Chef Clarke nods. “That sounds good to me. Good work, Mebel. I will arrange for some duck to be delivered here, and you can start practicing once it arrives.”
Mebel can’t remember the last time she felt so proud of herself. She walks all the way back to her room with a huge smile, and once inside, she notices that she hasn’t even put her makeup on today. She looks a frightful mess, but for once, she doesn’t care. She’s designed her own dish all by herself, and none of this process involved her blow-drying her hair in a meticulous fashion. There’s something so incredibly satisfying about that knowledge.

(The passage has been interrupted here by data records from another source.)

Lemma integral_gen_kl_tiltE q : (forall x, 0 <= q x) -> measurable_fun setT q ->
  (\int[mu]_x (q x * funrneg k x)%:E < +oo)%E ->
  (\int[mu]_x (gen_kl (q x) (b x))%:E =
   \int[mu]_x (gen_kl (q x) (p x))%:E
     + (\int[mu]_x (q x * funrpos k x)%:E + \int[mu]_x (b x)%:E)
     - (\int[mu]_x (q x * funrneg k x)%:E + \int[mu]_x (p x)%:E))%E.
Proof.
move=> q_ge0 mq negfin.
have qpos x : 0 <= q x * funrpos k x by rewrite mulr_ge0 ?funrpos_ge0.
have qneg x : 0 <= q x * funrneg k x by rewrite mulr_ge0 ?funrneg_ge0.
have mqpos : measurable_fun setT (fun x => q x * funrpos k x).
  by apply: measurable_funM => //; exact: measurable_funrpos.
have mqneg : measurable_fun setT (fun x => q x * funrneg k x).
  by apply: measurable_funM => //; exact: measurable_funrneg.
have kl0 x : 0 <= gen_kl (q x) (p x) by exact: gen_kl_ge0.
have mkl := measurable_gen_kl q_ge0 p_gt0 mq mp.
transitivity (\int[mu]_x ((gen_kl (q x) (p x) + (q x * funrpos k x + b x))
                          - (q x * funrneg k x + p x))%:E)%E.
  apply: eq_integral => x _; congr EFin.
  have := gen_kl_tilt (k x) (q_ge0 x) (b_gt0 x).
  have := congr1 (fun h => h x) (funrposBneg k); rewrite !fctE -/(p x) => <-.
  by rewrite mulrBr; lra.
have b_ge0 x := ltW (b_gt0 x).
have mqposb : measurable_fun setT (fun x => q x * funrpos k x + b x).
  exact: measurable_funD.
have mqnegp : measurable_fun setT (fun x => q x * funrneg k x + p x).
  exact: measurable_funD.
rewrite integralB_ge0_fin.
- rewrite (ge0_integralD_EFin kl0 _ mkl mqposb) => [|x]; last exact: addr_ge0.
  by rewrite (ge0_integralD_EFin qpos b_ge0 mqpos mb) (ge0_integralD_EFin qneg p_ge0 mqneg mp).
- by move=> x; apply: addr_ge0 => //; exact: addr_ge0.
- by move=> x; exact: addr_ge0.
- exact: measurable_funD.
- exact: mqnegp.
- by rewrite (ge0_integralD_EFin qneg p_ge0 mqneg mp) intp lte_add_pinfty ?ltry.
Qed.

Lemma integral_gen_kl_tilt q : (forall x, 0 <= q x) -> measurable_fun setT q ->
  (\int[mu]_x (q x * funrpos k x)%:E = \int[mu]_x (p x * funrpos k x)%:E)%E ->
  (\int[mu]_x (q x * funrneg k x)%:E = \int[mu]_x (p x * funrneg k x)%:E)%E ->
  (\int[mu]_x (gen_kl (q x) (b x))%:E =
   \int[mu]_x (gen_kl (q x) (p x))%:E + \int[mu]_x (gen_kl (p x) (b x))%:E)%E.
Proof.
move=> q_ge0 mq qpos qneg.
have negfin := le_lt_trans integral_tilt_negpart_le1 (ltry 1).
rewrite integral_gen_kl_tiltE//; last by rewrite qneg.
rewrite qpos qneg (integral_gen_kl_tiltE p_ge0 mp negfin).
have -> : (\int[mu]_x (gen_kl (p x) (p x))%:E = 0)%E.
  by under eq_integral do rewrite gen_klxx; exact: integral0.
by rewrite add0e [in RHS]addeA.
Qed.

End tilt.
End integral_gen_kl.

Section integral_mulr_comp_cvg.
Context d d' (T : measurableType d) (U : measurableType d') (R : realType).
Variable mu : {measure set T -> \bar R}.
Import HBNNSimple.

Lemma integral_mulr_comp_cvg (w : T -> R) (phi : T -> U) (h : {nnsfun U >-> R}^nat)
    (f : U -> R) : (forall x, 0 <= w x) -> measurable_fun setT w ->
    measurable_fun setT phi -> (forall y, {homo h ^~ y : m n / (m <= n)%N >-> m <= n}) ->
    (forall y, (EFin \o h ^~ y) @ \oo --> (f y)%:E) ->
  (\int[mu]_x (w x * f (phi x))%:E =
   limn (fun n => \int[mu]_x (w x * h n (phi x))%:E))%E.
Proof.
move=> w0 mw mphi ndh cvh; rewrite -monotone_convergence//.
- apply: eq_integral => x _; apply/esym/cvg_lim => //.
  rewrite EFinM; under eq_fun do rewrite EFinM.
  exact: cvgeZl (cvh (phi x)).
- by move=> n; apply/measurable_EFinP/measurable_funM => //; exact: measurableT_comp.
- by move=> n x _; rewrite lee_fin mulr_ge0.
- by move=> x _ m n mn; rewrite lee_fin ler_wpM2l ?ndh.
Qed.
(* Let $k$ be a field, $V$ an infinite-dimensional $k$-vector space, $E=\mathrm{End}_k(V)$, $S\subseteq E$ the two-sided ideal of endomorphisms of finite rank, and $R=k+S\subseteq E$ (where $k$ is identified with scalar multiples of the identity). Then the only two-sided ideals of $R$ are $0$, $S$ and $R$; $R$ is a prime ring which is both right and left almost perfect; the Jacobson radical $J(R)$ is $0$; and $R$ is not semilocal, hence is neither right perfect nor left perfect.
   Context: Rings are associative with identity. A ring $R$ is right (resp. left) almost perfect if $R/I$ is a right (resp. left) perfect ring for every two-sided ideal $I$ of $R$ with $I\neq 0$, $I\neq R$. A ring is semilocal if $R/J(R)$ is semisimple artinian. *)

(* Ring-theoretic notions are stated for a ring given as a
   predicate [P] on the type [V -> V] of self-maps of a vector space, with
   pointwise addition and composition as multiplication.  Quotient rings P/I
   are handled through the correspondence (literal for subsets of P/I) between
   subsets of P/I and I-saturated subsets of P: right ideals of P/I are right
   ideals of P containing I, and x = 0 in P/I means x \in I. *)
From HB Require Import structures.
From mathcomp Require Import all_boot all_order all_algebra.
Set Implicit Arguments. Unset Strict Implicit. Unset Printing Implicit Defensive.
Import GRing.Theory.
Local Open Scope ring_scope.

Definition eadd {V : zmodType} (f g : V -> V) : V -> V := fun v => f v + g v.
Definition eopp {V : zmodType} (f : V -> V) : V -> V := fun v => - f v.
Definition ezero {V : zmodType} : V -> V := fun _ => 0.
Definition emul {V : zmodType} (f g : V -> V) : V -> V := fun v => f (g v).
Definition eone {V : zmodType} : V -> V := fun v => v.
Definition escal {k : pzRingType} {V : lmodType k} (c : k) : V -> V :=
  fun v => c *: v.
Lemma has_x_primitive_plus (w : nat) (g h : R -> R -> R -> R) :
  has_x_primitive w g -> has_x_primitive w h ->
  has_x_primitive w (fun x y s => g x y s + h x y s).
Proof.
  intros [G [HG dG]] [H [HH dH]].
  exists (fun x y s => G x y s + H x y s); split; [now constructor|].
  intros; apply (is_derive_plus (fun u => G u y s) (fun u => H u y s)); auto.
Qed.

Lemma has_x_primitive_scale (w : nat) (c : Q) (g : R -> R -> R -> R) :
  has_x_primitive w g -> has_x_primitive w (fun x y s => Q2R c * g x y s).
Proof.
  intros [G [HG dG]].
  exists (fun x y s => Q2R c * G x y s); split; [now apply combination_scale|].
  intros; apply (is_derive_scal (fun u => G u y s)); auto.
Qed.

Lemma has_x_primitive_mul_pow_r (w k : nat) (g : R -> R -> R -> R) :
  has_x_primitive w g -> has_x_primitive (w + k) (fun x y s => g x y s * y ^ k).
Proof.
  intros [G [HG dG]].
  exists (fun x y s => G x y s * y ^ k); split; [now apply combination_mul_pow_r|].
  intros s x y Hs.
  apply (is_derive_ext (fun u => y ^ k * G u y s)); [intros; apply Rmult_comm|].
  eapply is_derive_eq; [apply (is_derive_scal (fun u => G u y s)); auto | ring].
Qed.

Lemma has_x_primitive_by_parts (w : nat) (g h H : R -> R -> R -> R) :
  combination w H ->
  (forall s x y : R, 0 < s -> is_derive (fun u : R => H u y s) x (g x y s - h x y s)) ->
  has_x_primitive w h -> has_x_primitive w g.
Proof.
  intros HH dH [G [HG dG]].
  exists (fun x y s => H x y s + G x y s); split; [now constructor|].
  intros s x y Hs; eapply is_derive_eq.
  - apply (is_derive_plus (fun u => H u y s) (fun u => G u y s)); auto.
  - unfold plus; simpl; ring.
Qed.
(* The column of [c'] meets [X] at most once. If it meets it at all, join the highest vertex
   of [X] in the column of [c] to it: the bottom code [s] of this valley gives a second family
   meeting [X] at most once, and so does the column of whichever of [c], [c'] differs from [s]
   at bit [0]. *)
Lemma deficient_of_level1 (u : V) : u \in X -> below_free u -> level u = 1 -> 1 < d ->
  deficient X.
Proof.
move=> uX free lu d2; pose b0 : 'I_d := Ordinal (ltnW d2).
set c := u.2; set c' := flip_bit c b0.
have c'c : same_above 1 c' c by apply: flip_bit_same_above.
have col' : fam_count X zero_code c' <= 1 by apply: column_le1; rewrite ?lu.
have [empty' | /card_gt0P [t']] := posnP (fam_count X zero_code c').
  exists zero_code, c, c'; split; first by rewrite eq_sym flip_bit_neq.
  by rewrite empty' addn0 fam_count_le2.
rewrite inE fam0 => x'.
have t'0 : 0 < t'.
  rewrite lt0n; apply: contraTneq x' => t'0; apply: free; rewrite ?lu ?t'0 //.
pose j := [arg max_(t > u.1 | (t, c) \in X) (t : nat)].
have [jX jmax] : (j, c) \in X /\ forall t, (t, c) \in X -> t <= j.
  by rewrite /j; case: arg_maxnP => [|t tX tmax]; [rewrite /c -surjective_pairing | ].
have cc' : c b0 != c' b0 by rewrite flip_bit_self; case: (c b0).
have top (t : 'I_d.+1) : j < t -> (t, c) \notin X by apply: contraTN => /jmax; rewrite -leqNgt.
have [s col_s] := @fam_count_le1_of_valley (j, c) (t', c') b0 jX x' erefl cc' t'0
  (fun i ti => c'c i (leq_trans t'0 ti)) top.
pose a := if s b0 == c b0 then c' else c.
have sa : s b0 != a b0.
  by rewrite /a; case: ifP => [/eqP -> | /negbT sc //]; rewrite flip_bit_self; case: (c b0).
have col_a : fam_count X (xorc s c) a <= 1.
  apply: (fam_count_le1_of_below_free uX free).
    by rewrite lu /a; case: ifP => // _ i; apply: c'c.
  exists b0; rewrite lu /= !ffunE; move: sa; rewrite /a.
  by case: ifP; rewrite ?flip_bit_self; case: (s b0); case: (c b0).
exists (xorc s c), s, a; split; last slia.
by apply: contraNneq sa => ->.
Qed.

Alain, who has returned from London, takes her out that night, and listens with a look of quiet amusement on his face as she walks him through her duck dish.

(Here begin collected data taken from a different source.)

(* T^{/\1}_A : e_i (x) g_s |-> sum_(t, m) T t m s (e_t /\ e_i) (x) e_m, with
   rows indexed by (P, m) in Lambda^2 A (x) B and columns by (s, i). *)
Definition koszul_flattening (T : tensor3 F 'I_k 'I_k (wedge2_idx k))
    (x y : wedge2_idx k * 'I_k) : F :=
  \sum_t wedge_coord x.1 t y.2 * T t x.2 y.1.

Lemma koszul_wedgeE P m s i :
  koszul_flattening wedge_tensor (P, m) (s, i)
  = wedge_coord s (val P).1 m * (i == (val P).2)%:R
    - wedge_coord s (val P).2 m * (i == (val P).1)%:R.
Proof. exact: sum_wedge_coordl. Qed.

(* By GL(V)-equivariance, the flattening of [wedge_tensor] acts by -2 on
   Lambda^3 V and by 1 on its complement S_(2,1) V in Lambda^2 V (x) V. *)
Lemma koszul_wedge_sqr x z :
  \sum_y koszul_flattening wedge_tensor x y * koszul_flattening wedge_tensor y z
  = 2 * (x == z)%:R - koszul_flattening wedge_tensor x z.
Proof.
case: x z => [P m] [Q j]; set L := koszul_flattening wedge_tensor.
set p1 := (val P).1; set p2 := (val P).2.
transitivity (\sum_s (wedge_coord s p1 m * L (s, p2) (Q, j)
                     - wedge_coord s p2 m * L (s, p1) (Q, j))).
  rewrite (eq_bigr (fun y => L (P, m) (y.1, y.2) * L (y.1, y.2) (Q, j))).
    rewrite -(pair_bigA _ (fun s i => L (P, m) (s, i) * L (s, i) (Q, j))).
    apply: eq_bigr => s _; under eq_bigr do rewrite {1}/L koszul_wedgeE.
    rewrite -(sum_delta p2 (fun i => L (s, i) (Q, j))).
    rewrite -(sum_delta p1 (fun i => L (s, i) (Q, j))) !mulr_sumr -sumrB.
    by apply: eq_bigr => i _; ring.
  by case.
transitivity (\sum_u
    ((\sum_s wedge_coord s p1 m * wedge_coord s u j) * wedge_coord Q u p2
     - (\sum_s wedge_coord s p2 m * wedge_coord s u j) * wedge_coord Q u p1)).
  rewrite /L /koszul_flattening /wedge_tensor /=.
  under eq_bigr do rewrite !mulr_sumr -sumrB.
  rewrite exchange_big; apply: eq_bigr => u _; rewrite !mulr_suml -sumrB.
  by apply: eq_bigr => s _; ring.
under eq_bigr do rewrite !sum_wedge_coord_mul.
transitivity
  ((m == j)%:R * wedge_coord Q p1 p2 - (p1 == j)%:R * wedge_coord Q m p2
   - ((m == j)%:R * wedge_coord Q p2 p1 - (p2 == j)%:R * wedge_coord Q m p1)).
  rewrite -(sum_delta p1 (fun u => wedge_coord Q u p2)).
  rewrite -(sum_delta m (fun u => wedge_coord Q u p2)).
  rewrite -(sum_delta p2 (fun u => wedge_coord Q u p1)).
  rewrite -(sum_delta m (fun u => wedge_coord Q u p1)).
  rewrite !mulr_sumr -!sumrB; apply: eq_bigr => u _.
  by rewrite ![_ == u]eq_sym; ring.
rewrite /L koszul_wedgeE (wedge_coordN Q p2 p1) (wedge_coordN Q m p2).
rewrite (wedge_coordN Q m p1) wedge_coord_basis xpair_eqE -mulnb natrM.
by rewrite ![j == _]eq_sym [Q == P]eq_sym; ring.
Qed.

Lemma koszul_wedge_quadratic (L := fun_mx (koszul_flattening wedge_tensor)) :
  (L + 1%:M) *m L = 2%:M.
Proof.
apply/matrixP => a b; rewrite mulmxDl mul1mx mul_fun_mx !mxE koszul_wedge_sqr.
by rewrite (inj_eq enum_val_inj) mulr_natr subrK.
Qed.

End Wedge.

Arguments wedge_coord {F k}.
Arguments wedge_tensor {F k}.

Section KoszulRank.
Variables (F : fieldType) (k : nat).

“I like the sound of this dish,” he says.
“You do?” Mebel says, her eyes lighting up. Then she stops herself. Of course he would say that he likes the sound of it. He’s her—well, not boyfriend, it seems ridiculous to refer to someone as one’s “boyfriend” when one is in her sixties.Goodness, what is he? Her lover? Her paramour? Mebel bats the question away. Doesn’t matter. What matters right now is the fact that he is kind of obliged to like her dish because they are sleeping with each other.
The thought makes Mebel uneasy. Is she cheating on this competition because she’s sleeping with Alain?
“Is it okay that we are talking about this? I don’t want to cheat the competition and win just because you have the sex with me.”
Alain’s eyes dance with laughter. “Do you think that’s what I’d do? Have you win the competition and start working at my highest-rated restaurant just because we are lovers?”
Mebel blushes at the word “lovers” coming out of Alain’s mouth. Despite the intimacy of their relationship, she still hasn’t quite come to terms with the fact that she is the sort of woman to have a “lover.” “I don’t know. Men always think with their penises, not their brains.”
“Well, that’s not incorrect. But, no, Mebel, to put your mind at ease, you are not behaving in an unethical way, and I can guarantee that, because I won’t be the one judging the competition. The students at Pemberton College will cast a vote for the best dish at the end of the meal.”
“Ah.” Mebel sags with relief. “I am glad.”